Traffic Management¶

Traffic management refers to controlling the data plane through intelligent routing rules for an application. These routing rules manipulate traffic flow between different versions of an application, enabling Progressive Delivery. By ensuring that only a small percentage of users receive a new version while it's being verified, these controls help limit the potential impact (blast radius) of a new release.

There are various techniques to achieve traffic management:

Raw percentages (i.e., 5% of traffic should go to the new version while the rest goes to the stable version)
Header-based routing (i.e., send requests with a specific header to the new version)
Mirrored traffic where all the traffic is copied and sent to the new version in parallel (but the response is ignored)

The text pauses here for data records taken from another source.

(* Let $U=\sum_{j=0}^3c_j\sigma_j\otimes\sigma_j$ be a normalized two-qubit unitary with parameters $x,y,z$ and $c_2=c_3$, and write $E(\alpha,\beta):=E(\varphi(\alpha,\beta;\frac{\pi}{2},\frac{\pi}{2}))$. (i) $\max_{\alpha,\beta\in[0,\pi/2]}E(\alpha,\beta)=\max_{\alpha\in[0,\pi/4],\beta\in[0,\pi/2]}E(\alpha,\beta)=\max_{\alpha\in[0,\pi/2],\beta\in[0,\pi/4]}E(\alpha,\beta)$. (ii) Let $B=\{(\alpha,\beta)\in[0,\pi/4]\times[0,\pi/2]:\ \alpha\in\{0,\pi/4\}\text{ or }\beta\in\{0,\pi/4\}\}$. Then $$\max_{(\alpha,\beta)\in B}E(\alpha,\beta)=\begin{cases}\max\{1,E(\tfrac{\pi}{4},\tfrac{\pi}{4})\}, & \cos(2x+2y)\le0,\\ \max\{E(0,\tfrac{\pi}{2}),E(\tfrac{\pi}{4},\tfrac{\pi}{4})\}, & \cos(2x+2y)>0.\end{cases}$$
   Context: Pauli matrices: $\sigma_0=I$, $\sigma_1=\begin{pmatrix}0&1\\1&0\end{pmatrix}$, $\sigma_2=\begin{pmatrix}0&-i\\i&0\end{pmatrix}$, $\sigma_3=\begin{pmatrix}1&0\\0&-1\end{pmatrix}$. For real $x,y,z$ set $c_0=\cos x\cos y\cos z+i\sin x\sin y\sin z$, $c_1=\cos x\sin y\sin z+i\sin x\cos y\cos z$, $c_2=\sin x\cos y\sin z+i\cos x\sin y\cos z$, $c_3=\sin x\sin y\cos z+i\cos x\cos y\sin z$, and $U=\sum_{j=0}^3c_j\sigma_j\otimes\sigma_j$ acting on qubits $A,B$. $U$ is called normalized if $\pi/4\ge x\ge y\ge z\ge0$ and $0<y<\pi/4$. $E(\varphi(\alpha,\beta;\frac{\pi}{2},\frac{\pi}{2}))$ denotes the entanglement entropy $S(\mathrm{Tr}_{AR_A}|\chi\rangle\langle\chi|)$ (von Neumann entropy, base-2 logarithm) of $|\chi\rangle=U\big((\cos\alpha|00\rangle+\sin\alpha|11\rangle)_{AR_A}\otimes(\cos\beta|00\rangle+\sin\beta|11\rangle)_{BR_B}\big)$, with $R_A,R_B$ qubits and $U$ acting on $A,B$. *)

From HB Require Import structures.
From mathcomp Require Import all_boot all_order all_algebra.
From mathcomp Require Import all_classical all_reals all_analysis.
From mathcomp.real_closed Require Import complex mxtens.

Set Implicit Arguments.
Unset Strict Implicit.
Unset Printing Implicit Defensive.

Import Order.TTheory GRing.Theory Num.Theory.
Local Open Scope ring_scope.
Local Open Scope complex_scope.

Section Defs.
Variable R : realType.
Local Notation C := R[i].

Definition cconj (w : C) : C := let: a +i* b := w in a -i* b.

Definition pauli (j : 'I_4) : 'M[C]_2 :=
  \matrix_(r < 2, s < 2)
    match val j with
    | 0%N => if r == s then 1 else 0
    | 1%N => if r == s then 0 else 1
    | 2%N => if r == s then 0 else if val r == 0%N then - 'i else 'i
    | _ => if r == s then (if val r == 0%N then 1 else -1) else 0
    end.

Definition coef_c (x y z : R) (j : 'I_4) : C :=
  match val j with
  | 0%N => (cos x * cos y * cos z) +i* (sin x * sin y * sin z)
  | 1%N => (cos x * sin y * sin z) +i* (sin x * cos y * cos z)
  | 2%N => (sin x * cos y * sin z) +i* (cos x * sin y * cos z)
  | _ => (sin x * sin y * cos z) +i* (cos x * cos y * sin z)
  end.

(* U = sum_j c_j sigma_j (x) sigma_j acting on qubits A,B; index (a,b) <-> mxtens_index (a,b) *)
Definition Uxyz (x y z : R) : 'M[C]_(2 * 2) :=
  \sum_(j < 4) coef_c x y z j *: (pauli j *t pauli j).

Definition normalized (x y z : R) : Prop :=
  pi / 4 >= x /\ x >= y /\ y >= z /\ z >= 0 /\ 0 < y /\ y < pi / 4.

(* coefficient <q r| of cos t |00> + sin t |11> *)
Definition bell (t : R) (q r : 'I_2) : C :=
  if q == r then (if val q == 0%N then (cos t)%:C else (sin t)%:C) else 0.

(* coefficient <a ra b rb| chi>, chi = (U_AB (x) I_{R_A R_B}) (psi_{A R_A} (x) psi_{B R_B}) *)
Definition chi (x y z al be : R) (a ra b rb : 'I_2) : C :=
  \sum_(a' < 2) \sum_(b' < 2)
     Uxyz x y z (mxtens_index (a, b)) (mxtens_index (a', b'))
     * bell al a' ra * bell be b' rb.

(* reduced state Tr_{A R_A} |chi><chi| on B R_B, index (b,rb) <-> mxtens_index (b,rb) *)
Definition rhoBRB (x y z al be : R) : 'M[C]_(2 * 2) :=
  \matrix_(k, l)
    \sum_(a < 2) \sum_(ra < 2)
      chi x y z al be a ra (mxtens_unindex k).1 (mxtens_unindex k).2
      * cconj (chi x y z al be a ra (mxtens_unindex l).1 (mxtens_unindex l).2).

Definition log2 (t : R) : R := ln t / ln 2.

(* eigenvalues with multiplicity: a real vector whose entries are the roots of the
   characteristic polynomial (exists for Hermitian matrices; unique up to permutation) *)
Definition real_spectrum n (M : 'M[C]_n) : 'rV[R]_n :=
  xget 0 (fun lam : 'rV[R]_n =>
    char_poly M = \prod_(i < n) ('X - ((lam 0 i)%:C)%:P)).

Traffic Management Tools in Kubernetes¶

Core Kubernetes objects lack the fine-grained tools necessary for comprehensive traffic management. Kubernetes primarily offers native load balancing through the Service object, which provides an endpoint that routes traffic to pods based on the Service's selector. However, advanced features such as traffic mirroring or header-based routing are not possible with the default Service object. The only way to control traffic distribution between different versions of an application is by adjusting their replica counts.

Service Meshes fill this missing functionality in Kubernetes. They introduce new concepts and functionality to control the data plane through the use of CRDs and other core Kubernetes resources.

How does Argo Rollouts enable traffic management?¶

Argo Rollouts enables traffic management by manipulating the Service Mesh resources to match the intent of the Rollout. Argo Rollouts currently supports the following traffic providers:

AWS ALB Ingress Controller
Ambassador Edge Stack
Apache APISIX
Google Cloud
Gateway API
Istio
Kong Ingress
Nginx Ingress Controller
Service Mesh Interface (SMI)
Traefik Proxy
Multiple Providers
File a ticket here if you would like another implementation (or thumbs up it if that issue already exists)

Regardless of the Service Mesh used, the Rollout object has to set a canary Service and a stable Service in its spec. Here is an example with those fields set:

apiVersion: argoproj.io/v1alpha1
kind: Rollout
spec:
  strategy:
    canary:
      canaryService: canary-service
      stableService: stable-service
      trafficRouting: {}

The controller modifies these Services to route traffic to the appropriate canary and stable ReplicaSets as the Rollout progresses. These Services are used by the Service Mesh to define what group of pods should receive the canary and stable traffic.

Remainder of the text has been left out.